[Saved data entries]
= Beginning of Section =

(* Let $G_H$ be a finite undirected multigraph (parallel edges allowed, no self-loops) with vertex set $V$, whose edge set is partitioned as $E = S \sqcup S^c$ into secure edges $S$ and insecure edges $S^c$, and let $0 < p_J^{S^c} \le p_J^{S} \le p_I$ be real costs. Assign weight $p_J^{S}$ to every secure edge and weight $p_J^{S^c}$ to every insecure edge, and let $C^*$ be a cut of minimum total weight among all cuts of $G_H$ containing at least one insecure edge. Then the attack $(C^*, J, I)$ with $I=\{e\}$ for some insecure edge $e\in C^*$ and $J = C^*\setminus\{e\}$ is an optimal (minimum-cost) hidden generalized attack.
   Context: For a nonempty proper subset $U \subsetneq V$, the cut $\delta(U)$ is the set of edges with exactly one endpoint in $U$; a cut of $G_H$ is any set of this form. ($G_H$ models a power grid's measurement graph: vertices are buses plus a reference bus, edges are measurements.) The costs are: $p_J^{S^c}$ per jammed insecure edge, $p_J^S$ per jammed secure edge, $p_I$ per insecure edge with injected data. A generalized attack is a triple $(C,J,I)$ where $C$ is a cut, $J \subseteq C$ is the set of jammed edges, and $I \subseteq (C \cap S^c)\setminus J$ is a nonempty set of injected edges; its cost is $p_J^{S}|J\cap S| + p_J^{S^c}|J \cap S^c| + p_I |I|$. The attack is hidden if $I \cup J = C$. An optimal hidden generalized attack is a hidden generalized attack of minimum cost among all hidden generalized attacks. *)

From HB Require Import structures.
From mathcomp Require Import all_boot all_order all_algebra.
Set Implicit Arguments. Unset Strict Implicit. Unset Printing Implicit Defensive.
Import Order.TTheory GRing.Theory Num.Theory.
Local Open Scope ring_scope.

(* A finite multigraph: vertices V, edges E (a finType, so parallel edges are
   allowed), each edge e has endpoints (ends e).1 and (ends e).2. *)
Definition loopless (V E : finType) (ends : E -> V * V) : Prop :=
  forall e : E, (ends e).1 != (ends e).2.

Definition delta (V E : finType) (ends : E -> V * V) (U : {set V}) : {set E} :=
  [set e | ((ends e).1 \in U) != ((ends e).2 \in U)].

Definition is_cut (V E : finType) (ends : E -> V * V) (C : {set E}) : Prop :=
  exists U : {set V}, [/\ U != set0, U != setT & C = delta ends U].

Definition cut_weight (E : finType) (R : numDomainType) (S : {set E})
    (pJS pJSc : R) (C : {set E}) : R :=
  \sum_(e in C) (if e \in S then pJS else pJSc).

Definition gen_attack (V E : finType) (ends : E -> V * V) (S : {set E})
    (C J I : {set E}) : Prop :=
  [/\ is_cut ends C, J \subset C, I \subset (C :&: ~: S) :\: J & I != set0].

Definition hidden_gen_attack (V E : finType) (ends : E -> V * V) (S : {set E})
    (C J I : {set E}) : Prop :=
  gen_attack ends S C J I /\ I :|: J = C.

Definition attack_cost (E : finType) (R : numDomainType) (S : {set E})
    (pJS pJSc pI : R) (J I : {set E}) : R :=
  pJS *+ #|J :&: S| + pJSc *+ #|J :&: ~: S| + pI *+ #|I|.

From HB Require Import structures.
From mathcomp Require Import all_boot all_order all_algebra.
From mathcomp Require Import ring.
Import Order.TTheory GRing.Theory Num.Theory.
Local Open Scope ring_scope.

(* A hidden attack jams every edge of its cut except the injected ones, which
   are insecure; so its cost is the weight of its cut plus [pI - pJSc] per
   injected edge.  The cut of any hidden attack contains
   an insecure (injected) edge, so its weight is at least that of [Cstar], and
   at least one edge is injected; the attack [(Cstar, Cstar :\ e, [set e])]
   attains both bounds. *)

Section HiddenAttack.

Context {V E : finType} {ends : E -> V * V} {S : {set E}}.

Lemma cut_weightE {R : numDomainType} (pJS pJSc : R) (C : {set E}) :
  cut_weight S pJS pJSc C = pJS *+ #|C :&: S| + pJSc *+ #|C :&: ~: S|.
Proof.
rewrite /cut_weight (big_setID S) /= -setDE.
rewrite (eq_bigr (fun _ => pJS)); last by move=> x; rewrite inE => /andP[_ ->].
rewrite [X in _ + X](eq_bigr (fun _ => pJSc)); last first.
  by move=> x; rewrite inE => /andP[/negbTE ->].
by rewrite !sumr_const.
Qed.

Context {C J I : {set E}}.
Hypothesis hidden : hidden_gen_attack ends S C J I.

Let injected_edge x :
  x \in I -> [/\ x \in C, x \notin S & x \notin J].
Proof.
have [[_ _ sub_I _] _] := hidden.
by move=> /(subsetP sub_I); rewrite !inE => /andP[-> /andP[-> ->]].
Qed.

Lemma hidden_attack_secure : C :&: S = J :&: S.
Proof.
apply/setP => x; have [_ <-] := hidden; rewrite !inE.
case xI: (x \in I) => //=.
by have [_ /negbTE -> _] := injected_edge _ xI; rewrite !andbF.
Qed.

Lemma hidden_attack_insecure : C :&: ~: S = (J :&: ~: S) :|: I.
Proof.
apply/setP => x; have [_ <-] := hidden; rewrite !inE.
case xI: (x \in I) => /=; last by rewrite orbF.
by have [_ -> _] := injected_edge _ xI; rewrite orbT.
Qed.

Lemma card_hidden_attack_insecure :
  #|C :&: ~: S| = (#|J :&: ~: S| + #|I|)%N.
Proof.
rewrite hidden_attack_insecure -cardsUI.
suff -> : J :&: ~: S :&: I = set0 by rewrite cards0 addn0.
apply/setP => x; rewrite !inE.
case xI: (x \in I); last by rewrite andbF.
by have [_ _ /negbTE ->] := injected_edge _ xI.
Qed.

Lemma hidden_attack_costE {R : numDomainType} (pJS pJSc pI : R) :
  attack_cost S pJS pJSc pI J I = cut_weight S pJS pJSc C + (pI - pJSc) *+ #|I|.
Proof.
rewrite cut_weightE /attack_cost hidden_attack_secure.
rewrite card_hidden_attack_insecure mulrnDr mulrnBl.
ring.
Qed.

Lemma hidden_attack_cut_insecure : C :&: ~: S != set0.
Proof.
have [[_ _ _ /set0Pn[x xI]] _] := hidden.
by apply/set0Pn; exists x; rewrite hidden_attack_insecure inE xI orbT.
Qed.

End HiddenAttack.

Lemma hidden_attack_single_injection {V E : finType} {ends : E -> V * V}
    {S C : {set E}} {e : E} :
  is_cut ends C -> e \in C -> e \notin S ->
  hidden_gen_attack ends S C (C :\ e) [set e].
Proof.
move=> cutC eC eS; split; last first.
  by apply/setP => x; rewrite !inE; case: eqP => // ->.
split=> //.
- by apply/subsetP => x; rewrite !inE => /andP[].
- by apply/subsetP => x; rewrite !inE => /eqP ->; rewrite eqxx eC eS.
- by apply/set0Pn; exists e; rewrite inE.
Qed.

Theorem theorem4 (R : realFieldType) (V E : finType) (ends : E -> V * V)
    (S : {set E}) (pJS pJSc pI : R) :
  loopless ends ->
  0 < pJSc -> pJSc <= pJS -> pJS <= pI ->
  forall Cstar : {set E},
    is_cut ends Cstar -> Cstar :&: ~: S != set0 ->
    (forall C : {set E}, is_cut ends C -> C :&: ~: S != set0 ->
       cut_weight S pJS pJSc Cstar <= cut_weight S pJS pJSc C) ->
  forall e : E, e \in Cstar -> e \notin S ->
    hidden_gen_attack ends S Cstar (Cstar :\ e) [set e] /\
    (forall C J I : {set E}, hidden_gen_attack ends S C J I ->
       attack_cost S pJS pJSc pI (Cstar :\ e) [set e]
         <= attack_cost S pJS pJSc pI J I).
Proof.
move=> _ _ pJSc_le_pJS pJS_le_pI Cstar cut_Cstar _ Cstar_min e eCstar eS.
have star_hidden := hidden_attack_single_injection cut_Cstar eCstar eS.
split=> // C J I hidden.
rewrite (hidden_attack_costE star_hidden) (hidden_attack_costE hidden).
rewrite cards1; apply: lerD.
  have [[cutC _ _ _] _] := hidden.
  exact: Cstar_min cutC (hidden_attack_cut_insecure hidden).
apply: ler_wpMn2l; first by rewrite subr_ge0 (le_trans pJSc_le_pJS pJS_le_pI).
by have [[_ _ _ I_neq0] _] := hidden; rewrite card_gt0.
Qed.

= End of Section =

What the exercise asks: Return every line holding the word "Definition" from the records.

Result for this task:
Definition loopless (V E : finType) (ends : E -> V * V) : Prop :=
Definition delta (V E : finType) (ends : E -> V * V) (U : {set V}) : {set E} :=
Definition is_cut (V E : finType) (ends : E -> V * V) (C : {set E}) : Prop :=
Definition cut_weight (E : finType) (R : numDomainType) (S : {set E})
Definition gen_attack (V E : finType) (ends : E -> V * V) (S : {set E})
Definition hidden_gen_attack (V E : finType) (ends : E -> V * V) (S : {set E})
Definition attack_cost (E : finType) (R : numDomainType) (S : {set E})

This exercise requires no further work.